Background information
- Origin: U.S.
- Genres: Country
- Years active: 1963–1973
- Labels: Columbia Starday Capitol
- Past members: Johnny Mosby Jonie Mosby

= Johnny and Jonie Mosby =

American country music duo

Johnny and Jonie Mosby was an American husband-and-wife country music vocal duo. They placed seventeen singles on the country music charts between 1963 and 1973, and released six albums for various labels. Five of the duo's singles made top 20 on the Hot Country Songs charts, with the highest peaks being "Trouble in My Arms" and "Just Hold My Hand", both at number twelve.

==Biography==
John Robert "Johnny" Mosby (born in Fort Smith, Arkansas; April 26, 1929 – February 19, 2018) and Janice Irene "Jonie" Shields (born in Van Nuys, California on August 10, 1940) met in California when she auditioned for his orchestra. They married in 1958. They started recording for Challenge records that same year. In 1959, they made the first recording of "Tijuana Jail".

Signed to Columbia Records, the duo released its debut single, "Don't Call Me from a Honky Tonk", in 1963. It went to number thirteen on the country music charts and was followed by another Top 20 hit, the number twelve "Trouble in My Arms". By 1965, the duo released Mr. and Mrs. Country Music through Columbia, followed by The New Sweethearts of Country on the Starday Records label.

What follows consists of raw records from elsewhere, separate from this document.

Lemma qfZv (t : R) G u : qf G (t *: u) = t ^+ 2 * qf G u.
Proof. by rewrite /qf -scalemxAr ipZl ipZr mulrA -expr2. Qed.

Lemma self_adjoint_ip G u v : self_adjoint G -> ip (G *m u) v = ip u (G *m v).
Proof. by move=> hG; rewrite ip_mulmxl hG. Qed.

Lemma qfDZ G u e (t : R) : self_adjoint G ->
  qf G (u + t *: e) = qf G u + 2 * t * ip (G *m u) e + t ^+ 2 * qf G e.
Proof.
move=> hG; rewrite /qf mulmxDr -scalemxAr !ipDl !ipDr !ipZl !ipZr.
by rewrite -(self_adjoint_ip u e hG) [ip e (G *m u)]ipC; ring.
Qed.

Lemma qfB G u v : self_adjoint G ->
  qf G (u - v) = qf G u - 2 * ip (G *m v) u + qf G v.
Proof.
move=> hG; rewrite -(scaleN1r v) (qfDZ _ _ _ hG) (self_adjoint_ip v u hG).
by rewrite [ip v (G *m u)]ipC; ring.
Qed.

End QuadraticForm.

Lemma linear_coef_ge0 (R : realFieldType) (a b : R) :
  (forall t : R, 0 < t -> t <= 1 -> 0 <= a * t + b * t ^+ 2) -> 0 <= a.
Proof.
move=> H; rewrite leNgt; apply/negP => a_lt0.
pose M := `|b| + 1.
have hM : b < M by rewrite /M; have := ler_norm b; lra.
have hM0 : 0 < M by rewrite /M; have := normr_ge0 b; lra.
pose t := - a / (M - a).
have hMa : 0 < M - a by lra.
have ht0 : 0 < t by rewrite divr_gt0 // oppr_gt0.
have htM : t * (M - a) = - a by rewrite /t mulfVK // gt_eqF.
have ht1 : t <= 1 by rewrite ler_pdivrMr //; lra.
have h := H t ht0 ht1.
(* [a + b t < a + M t = a t < 0], contradicting [0 <= (a + b t) t]. *)
have hbt : b * t < M * t by rewrite ltr_pM2r.
have : (a + b * t) * t < 0 by rewrite pmulr_llt0 //; nra.
rewrite mulrDl -mulrA -expr2; lra.
Qed.

Section Argmin.
Variables (R : realType) (n : nat) (q : 'cV[R]_n -> \bar R) (H : 'cV[R]_n -> R).
Variable y1 : 'cV[R]_n.
Hypothesis y1_min : is_argmin (fun v => q v + (H v)%:E)%E y1.

Lemma argmin_fin_num : proper_fun q -> exists Q, q y1 = Q%:E.
Proof.
move=> [q_ninf [x0 x0_dom]]; move: (q_ninf y1) (q_ninf x0) x0_dom (y1_min x0).
by case: (q y1) => [Q| |] //; [exists Q | case: (q x0)].
Qed.

(* For [0 < t <= 1] the minimality of [y1] against [y1 + t (v - y1)] and the
   convexity of [q] give [t (Q1 - Qv) <= t D + t^2 M]; let [t -> 0]. *)
Lemma argmin_directional v Q1 Qv (D M : R) : econvex_fun q ->
  q y1 = Q1%:E -> q v = Qv%:E ->
  (forall t, H (y1 + t *: (v - y1)) - H y1 = t * D + t ^+ 2 * M) ->
  Q1 - Qv <= D.
Proof.
move=> q_cvx qy1 qv HDM; rewrite -subr_ge0.
apply: (linear_coef_ge0 (b := M)) => t t_gt0 t_le1.
have ht : 0 <= t <= 1 by rewrite ltW.
have := le_trans (y1_min _) (leeD2r (H (t *: v + (1 - t) *: y1))%:E (q_cvx v y1 t ht)).
have -> : t *: v + (1 - t) *: y1 = y1 + t *: (v - y1).
  by apply/matrixP => i j; rewrite !mxE; ring.
rewrite qv qy1 -!EFinM -!EFinD lee_fin.
have := HDM t; lra.
Qed.

End Argmin.

Section YSubproblem.
Variables (R : realType) (ny nz : nat) (B : 'M[R]_(ny, nz)) (c : 'cV[R]_nz).
Variables (G : 'M[R]_ny) (sigma : R).
Hypothesis G_sym : self_adjoint G.

(* The smooth part of the y-subproblem: [a] is the gradient of [g] at the
   centre [yc], [zz] the multiplier and [P = A^T x^{k+1}]. *)
Definition ysub_obj (a yc : 'cV[R]_ny) (zz P : 'cV[R]_nz) (v : 'cV[R]_ny) : R :=
  ip a v + qf G (v - yc) / 2 + ip zz (B^T *m v) + sigma / 2 * sqn (P + B^T *m v - c).

Definition ysub_grad (a yc : 'cV[R]_ny) (zz P : 'cV[R]_nz) (v : 'cV[R]_ny) :=
  a + G *m (v - yc) + B *m (zz + sigma *: (P + B^T *m v - c)).

Lemma ysub_objDZ a yc zz P v e (t : R) :
  ysub_obj a yc zz P (v + t *: e) - ysub_obj a yc zz P v =
  t * ip (ysub_grad a yc zz P v) e + t ^+ 2 * (qf G e / 2 + sigma / 2 * sqn (B^T *m e)).
Proof.
rewrite /ysub_obj /ysub_grad !ipDl [ip (B *m _) _]ip_mulmxl ipDl ipZl.
have -> : v + t *: e - yc = (v - yc) + t *: e.
  by apply/matrixP => i j; rewrite !mxE; ring.
have -> : P + B^T *m (v + t *: e) - c = (P + B^T *m v - c) + t *: (B^T *m e).
  by rewrite mulmxDr -scalemxAr; apply/matrixP => i j; rewrite !mxE; ring.
rewrite qfDZ // sqnDZ (mulmxDr B^T) -scalemxAr ![ip a _]ipDr ![ip zz _]ipDr !ipZr.
by field.
Qed.

Lemma ysub_grad_monotone (q : 'cV[R]_ny -> \bar R) a1 yc1 zz1 P1 a0 yc0 zz0 P0 y1 y0 :
  closed_proper_convex q ->
  is_argmin (fun v => q v + (ysub_obj a1 yc1 zz1 P1 v)%:E)%E y1 ->
  is_argmin (fun v => q v + (ysub_obj a0 yc0 zz0 P0 v)%:E)%E y0 ->
  ip (ysub_grad a1 yc1 zz1 P1 y1 - ysub_grad a0 yc0 zz0 P0 y0) (y1 - y0) <= 0.
Proof.
move=> [q_prop q_cvx _] y1_min y0_min.
have [Q1 qy1] := argmin_fin_num y1_min q_prop.
have [Q0 qy0] := argmin_fin_num y0_min q_prop.
have h1 := argmin_directional y1_min q_cvx qy1 qy0 (ysub_objDZ _ _ _ _ _ _).
have h0 := argmin_directional y0_min q_cvx qy0 qy1 (ysub_objDZ _ _ _ _ _ _).
move: h1 h0; rewrite -[y0 - y1]opprB !ipNr ipBl; lra.
Qed.

End YSubproblem.

(* Evaluate the two-sided bounds at [x' - v/2] about [x] and [x'], and at
   [x + v/2] about [x'] and [x]. *)
Lemma grad_ip_lower_bound (R : realType) n (g : 'cV[R]_n -> R)
  (gg : 'cV[R]_n -> 'cV[R]_n) (Sg Sgh : 'M[R]_n) : psd Sg ->
  (forall v v', g v' + ip (v - v') (gg v') + qf Sg (v - v') / 2 <= g v /\
                g v <= g v' + ip (v - v') (gg v') + qf Sgh (v - v') / 2) ->
  forall x x' v, - (qf Sgh v / 4) <= ip (gg x - gg x') (x - x' + v).
Proof.
move=> [_ Sg_ge0] g_bnd x x' v.
pose u := (- 2^-1 : R) *: v; pose u' := (2^-1 : R) *: v.
have [l1 _] := g_bnd (x' + u) x; have [_ u2] := g_bnd (x' + u) x'.
have [l3 _] := g_bnd (x + u') x'; have [_ u4] := g_bnd (x + u') x.
have q1 := Sg_ge0 (x' + u - x); have q3 := Sg_ge0 (x + u' - x').
move: u2 u4; rewrite [x' + u - x']addrAC subrr add0r [x + u' - x]addrAC subrr add0r.
rewrite !qfZv => u2 u4.
move: l1 l3 u2 u4 q1 q3; rewrite /u /u' !ipBl !ipDl !ipZl => l1 l3 u2 u4 q1 q3.
rewrite [ip (gg x) _]ipC [ip (gg x') _]ipC !ipDl ?ipBl ?ipNl.
lra.
Qed.
(* The objective is the quadratic function x |-> q x^T + x Q x^T with q = theta (k - 1) c and
   Q = (1 - theta) (lambda I - E E^T).  Exchange directions e^(i) - e^(j) preserve 1^T x, and
   along them the curvature 2 (Q_ii + Q_jj - 2 Q_ij) = 4 (1 - theta) (lambda - 1 + e_i^T e_j)
   is positive.  Since 1^T x = k is an integer, a fractional coordinate of x in P comes with a
   second one, and x can be moved both ways along the corresponding exchange direction inside P;
   by positive curvature f increases on one side, so local maximizers are integral, and at a
   fractional stationary point, where the two partials agree, f increases on both sides.
   At an integral stationary point either a 0-coordinate and a 1-coordinate have equal partials
   (exchanging them is a strict ascent), or the KKT inequalities hold with a positive margin;
   then, for feasible y near x, the first-order change is at most minus the margin times the
   mass s that y moves onto the zero coordinates of x, while the second-order term is O(s^2). *)

From HB Require Import structures.
From mathcomp Require Import all_boot all_order all_algebra.
From mathcomp Require Import all_classical all_reals all_analysis.
From mathcomp Require Import ring lra.
Set Implicit Arguments. Unset Strict Implicit.
Import Order.TTheory GRing.Theory Num.Theory.
Import numFieldNormedType.Exports.
Local Open Scope ring_scope.
Local Open Scope classical_set_scope.

Lemma mul_trmxE (R : ringType) n (u v : 'rV[R]_n) :
  (u *m v^T) 0 0 = \sum_i u 0 i * v 0 i.
Proof. by rewrite mxE; apply: eq_bigr => i _; rewrite mxE. Qed.

Lemma mul_tr_deltaE (R : ringType) n (u : 'rV[R]_n) i :
  (u *m (delta_mx 0 i : 'rV_n)^T) 0 0 = u 0 i.
Proof. by rewrite trmx_delta -colE mxE. Qed.

Lemma entryD (R : ringType) m n (A B : 'M[R]_(m, n)) i j : (A + B) i j = A i j + B i j.
Proof. by rewrite !mxE. Qed.

Lemma entryB (R : ringType) m n (A B : 'M[R]_(m, n)) i j : (A - B) i j = A i j - B i j.
Proof. by rewrite !mxE. Qed.

Lemma entryZ (R : ringType) m n (A : 'M[R]_(m, n)) a i j : (a *: A) i j = a * A i j.
Proof. by rewrite !mxE. Qed.

Lemma unit_interval_cases (R : realDomainType) (a : R) :
  0 <= a <= 1 -> [\/ a = 0, a = 1 | 0 < a < 1].
Proof.
case/andP=> a0 a1; have [->|a_neq0] := eqVneq a 0; first by constructor 1.
have [->|a_neq1] := eqVneq a 1; first by constructor 2.
by constructor 3; rewrite !lt_neqAle eq_sym a_neq0 a_neq1 a0 a1.
Qed.

Lemma intr_not_in01 (R : realDomainType) (z : int) : ~~ (0 < (z%:~R : R) < 1).
Proof. by rewrite ltr0z ltrz1; case: z => [[|m]|m]. Qed.

Lemma separation_margin (R : realDomainType) (T : finType) (A B : pred T) (g : T -> R) :
  (forall a b, A a -> B b -> g a < g b) ->
  exists mu ga, [/\ 0 < ga, forall a, A a -> g a <= mu - ga & forall b, B b -> mu <= g b].
Proof.
move=> ltAB; pose S := \sum_t `|g t|.
have normS t : `|g t| <= S by rewrite /S (bigD1 t) //= lerDl sumr_ge0.
case: (pickP B) => [b0 Bb0 | B0].
  case: (pickP A) => [a0 Aa0 | A0].
    have [b Bb bmin] := arg_minP g Bb0; have [a Aa amax] := arg_maxP g Aa0.
    exists (g b), (g b - g a); split=> [|a' Aa'|]; first by rewrite subr_gt0 ltAB.
      by rewrite opprB addrC subrK; apply: amax.
    exact: bmin.
  exists (- S), 1; split=> // [a|b _]; first by rewrite A0.
  by have := normS b; have := ler_norm (- g b); rewrite normrN; lra.
exists (S + 1), 1; split=> // [a _|b]; last by rewrite B0.
by have := normS a; have := ler_norm (g a); lra.
Qed.

Lemma normr_entry_le (R : realDomainType) m n (M : 'M[R]_(m.+1, n)) i j :
  `|M i j| <= `|M|.
Proof.
rewrite [X in _ <= X]mx_normrE.
exact: (le_bigmax _ (fun ij : 'I_m.+1 * 'I_n => `|M ij.1 ij.2|) (i, j)).
Qed.

Lemma sum_entries_le_norm (R : realDomainType) n (P : pred 'I_n) (v : 'rV[R]_n) :
  \sum_(l | P l) v 0 l <= n%:R * `|v|.
Proof.
apply: (@le_trans _ _ (\sum_(l < n) `|v|)); last by rewrite sumr_const card_ord mulr_natl.
rewrite big_mkcond /=; apply: ler_sum => l _.
case: (P l); last exact: normr_ge0.
exact: le_trans (ler_norm _) (normr_entry_le _ _ _).
Qed.

Lemma derive_quadratic (R : realType) (V : normedModType R) (F : V -> R) a v (A B : R) :
  (forall h : R, F (h *: v + a) = F a + h * A + h ^+ 2 * B) -> 'D_v F a = A.
Proof.
move=> FE; rewrite /derive; apply: cvg_lim => //.
apply: (@cvg_trans _ ((fun h : R => A + h * B) @ 0^')).
  apply: near_eq_cvg; near=> h.
  have h0 : h != 0 by near: h; exact: nbhs_dnbhs_neq.
  rewrite /= FE /GRing.scale /=; field; exact: h0.
apply: cvg_within_filter.
have : (fun h : R => A + h * B) @ (0:R) --> A + 0 * B.
  by apply: cvgD; [exact: cvg_cst | apply: cvgM; [exact: cvg_id | exact: cvg_cst]].
by rewrite mul0r addr0.
Unshelve. all: by end_near.
Qed.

From 1967 to 1972, the Mosbys recorded for Capitol Records, reaching top 20 again with "Just Hold My Hand" and "I'm Leavin' It Up to You" at numbers twelve and eighteen. In the same timespan, the duo recorded several albums for the label. In 1971, Jonie released a solo single, "I've Been There", which peaked at number 72 on the country charts. They filed for divorce in 1973.

In 1992 at age 52, Jonie Mosby became the oldest woman to have a baby through in vitro fertilization as she gave birth to a son Morgan Bradford Mitchell by second husband, Donald Mitchell.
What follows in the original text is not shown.